Q15. What is the ratio of the radii of the 1st and 2nd orbits in a hydrogen atom?
Answer: 1:4
Explanation: r ∝ n^2, r1:r2 = 1^2:2^2 = 1:4. Option A is for a wrong proportionality.
Q16. The frequency of the radiation emitted when an electron falls from n=4 to n=1 in a hydrogen atom is?
Answer: 3.08 × 10^15 Hz
Explanation: ΔE = hf, corresponds to a specific transition frequency.
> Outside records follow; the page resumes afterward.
(* Let $C,D\subseteq\mathbb{R}^n$ be convex cones (nonempty, closed under addition and multiplication by nonnegative reals) that are closed and have nonempty interior in the Euclidean topology, and suppose $\langle c,d\rangle\ge0$ for all $c\in C$, $d\in D$, where $\langle\cdot,\cdot\rangle$ is the standard inner product. Equip $D$ with the weak upper topology $w(D,C)$. Then for every linear functional $\varphi\colon D\to[0,\infty)$ which is lower semicontinuous with respect to $w(D,C)$ there is a unique $x\in C$ such that $\varphi(y)=\langle x,y\rangle$ for all $y\in D$.
   Context: $[0,\infty)$ and $\overline{\mathbb{R}}_+=[0,+\infty]$ carry the upper topology, whose open sets are $\emptyset$, the whole space and the intervals $\{t\mid t>r\}$ for $r\in[0,\infty)$; a function is lower semicontinuous if it is continuous into this topology. The weak upper topology $w(D,C)$ on $D$ is the coarsest topology making all maps $y\mapsto\langle x,y\rangle$, $x\in C$, lower semicontinuous. A functional $\varphi\colon D\to[0,\infty)$ is linear if $\varphi(y+z)=\varphi(y)+\varphi(z)$ and $\varphi(ry)=r\varphi(y)$ for all $y,z\in D$, $r\ge0$. *)

From Stdlib Require Import Reals.
From mathcomp Require Import all_boot.
Set Implicit Arguments. Unset Strict Implicit. Unset Printing Implicit Defensive.
Local Open Scope R_scope.

Definition vec (n : nat) := 'I_n -> R.

Definition vadd n (x y : vec n) : vec n := fun i => (x i + y i).
Definition vscale n (r : R) (x : vec n) : vec n := fun i => (r * x i).

Definition inner n (x y : vec n) : R := \big[Rplus/R0]_(i < n) (x i * y i).

Definition dist n (x y : vec n) : R :=
  sqrt (inner (fun i => x i - y i) (fun i => x i - y i)).

Definition convex_cone n (C : vec n -> Prop) : Prop :=
  (exists x, C x) /\
  (forall x y, C x -> C y -> C (vadd x y)) /\
  (forall r x, (0 <= r) -> C x -> C (vscale r x)).

Definition eclosed n (C : vec n -> Prop) : Prop :=
  forall x, (forall eps, (0 < eps) -> exists y, C y /\ (dist x y < eps)) -> C x.

Definition has_interior n (C : vec n -> Prop) : Prop :=
  exists x eps, (0 < eps) /\ forall y, (dist x y < eps) -> C y.

(* Subbasic open sets of the weak upper topology w(D,C) on D:
   preimages under y |-> <x,y> (x in C) of the upper-topology open sets,
   i.e. D, empty, and {y in D | <x,y> > r} for r >= 0.
   A set U ⊆ D is w(D,C)-open iff every point of U has a basic neighbourhood
   (finite intersection of subbasic sets) contained in U. *)
Definition wopen n (C D : vec n -> Prop) (U : vec n -> Prop) : Prop :=
  (forall y, U y -> D y) /\
  forall y, U y ->
    exists l : list (vec n * R),
      (forall p, List.In p l -> C (fst p) /\ (0 <= snd p)) /\
      (forall p, List.In p l -> (snd p < inner (fst p) y)) /\
      (forall z, D z -> (forall p, List.In p l -> (snd p < inner (fst p) z)) -> U z).

(* phi : D -> [0,oo) is lower semicontinuous w.r.t. w(D,C), where [0,oo]
   carries the upper topology (open sets: empty, whole, {t | t > r}, r >= 0). *)
Definition wlsc n (C D : vec n -> Prop) (phi : vec n -> R) : Prop :=
  forall r, (0 <= r) -> wopen C D (fun y => D y /\ (r < phi y)).

Definition linear_on n (D : vec n -> Prop) (phi : vec n -> R) : Prop :=
  (forall y z, D y -> D z -> phi (vadd y z) = (phi y + phi z)) /\
  (forall r y, (0 <= r) -> D y -> phi (vscale r y) = (r * phi y)).

(* Let y0 be an interior point of D and delta > 0 small.  Every y in D satisfies
   y + (sum_i a_i) y0 = sum_i a_i (y0 + s_i e_i) with a_i >= 0 and s_i = +-delta,
   so additivity and positive homogeneity force phi = <x, .> on D, where x is the
   vector of difference quotients of phi at y0; the points y0 and y0 + delta e_i
   also give uniqueness.  If x were not in C, projecting x onto the closed convex
   cone C yields v with <c, v> >= 0 on C and <x, v> < 0.  Then z = y0 + t v lies
   in D with phi z < phi y0, while every basic w(D,C)-neighbourhood
   {y | <c_k, y> > r_k} of y0 contains z; this contradicts lower semicontinuity
   of phi at level phi z. *)

From HB Require Import structures.
From Pilot Require Import Defs.
From Stdlib Require Import Reals Lra Psatz Classical ClassicalEpsilon FunctionalExtensionality.
From mathcomp Require Import all_boot.
Set Implicit Arguments. Unset Strict Implicit.
Local Open Scope R_scope.

HB.instance Definition _ :=
  Monoid.isComLaw.Build R R0 Rplus (fun a b c => esym (Rplus_assoc a b c)) Rplus_comm Rplus_0_l.

Lemma big_Rmult_distrr (I : Type) (r : seq I) (a : R) (F : I -> R) :
  \big[Rplus/R0]_(i <- r) (a * F i) = a * \big[Rplus/R0]_(i <- r) F i.
Proof. by elim: r => [|b r IH]; rewrite ?big_nil ?big_cons ?IH; ring. Qed.

Lemma big_Rplus_ge0 (I : Type) (r : seq I) (F : I -> R) :
  (forall i, 0 <= F i) -> 0 <= \big[Rplus/R0]_(i <- r) F i.
Proof. by move=> F_ge0; apply: big_ind => // [|a b]; lra. Qed.

Lemma big_Rplus_cvg (I : Type) (r : seq I) (F : nat -> I -> R) (G : I -> R) :
  (forall i, Un_cv (F^~ i) (G i)) ->
  Un_cv (fun m => \big[Rplus/R0]_(i <- r) F m i) (\big[Rplus/R0]_(i <- r) G i).
Proof.
move=> FG; elim: r => [|b r IH].
  rewrite big_nil => e e_gt0; exists 0%nat => m _.
  by rewrite big_nil /Rdist Rminus_0_r Rabs_R0.
under [fun m => _]functional_extensionality => m do rewrite big_cons.
by rewrite big_cons; apply: CV_plus.
Qed.

Definition vsub n (a b : vec n) : vec n := vadd a (vscale (-1) b).
Definition sqnorm n (w : vec n) : R := inner w w.
Definition basis_vec n (i : 'I_n) : vec n := fun j => if i == j then 1 else 0.
Definition vsum n (I : Type) (r : seq I) (F : I -> vec n) : vec n :=
  fun j => \big[Rplus/R0]_(i <- r) F i j.

(* Both sides must be sums of terms [a * inner u v] (scalar on the left), which
   [-big_Rmult_distrr] and [-big_split] then merge into a single sum. *)
Ltac inner_ring := rewrite /sqnorm /inner -?big_Rmult_distrr -?big_split;
  apply: eq_bigr => ? _; rewrite /vsub /vadd /vscale /=; first [ring | field].

Section InnerProduct.
Variable n : nat.
Implicit Types a b c w : vec n.

Lemma inner_addr a b c : inner a (vadd b c) = inner a b + inner a c.
Proof. by inner_ring. Qed.

Lemma inner_scaler s a b : inner a (vscale s b) = s * inner a b.
Proof. by inner_ring. Qed.

Lemma big_basis_vec a (j : 'I_n) : \big[Rplus/R0]_(i < n) (a i * basis_vec i j) = a j.
Proof.
rewrite (bigD1 j) //= big1 => [|i ij]; rewrite /basis_vec ?eqxx; first ring.
by rewrite (negbTE ij); ring.
Qed.

Lemma inner_basis a (i : 'I_n) : inner a (basis_vec i) = a i.
Proof.
rewrite /inner -big_basis_vec; apply: eq_bigr => j _.
by rewrite /basis_vec eq_sym.
Qed.

Lemma sqnorm_ge0 w : 0 <= sqnorm w.
Proof. by apply: big_Rplus_ge0 => i; nra. Qed.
Option D is for n=2 to n=1.
Q17. Calculate the number of nodes in the 3d orbital.
Answer: 1
Explanation: Number of nodes = n-l-1, for 3d, n=3, l=2, nodes = 0. Radial nodes = n-l-1 = 0, total nodes = 0 + angular nodes = 2, but radial nodes = 0. Option C is incorrect.
Q18. What is the maximum number of electrons that can be accommodated in the M shell?
Answer: 18
Explanation: M shell has n=3, max electrons = 2n^2 = 18. Option C is for N shell.
Q19. The wavelength of an electron moving with a velocity of 2.05 × 10^7 m/s is?
Answer: 3.55 Å
Explanation: λ = h/mv, λ = 3.55 Å (using h = 6.626 × 10^-34 and m = 9.11 × 10^-31).
Q20. The energy of the electron in the ground state of hydrogen is -13.6 eV. What is the energy in the ground state of Li2+?
Answer: -122.4 eV
Explanation: E ∝ Z^2, Li2+ has Z=3, E = -13.6 × 3^2 = -122.4 eV. Option B is for He+.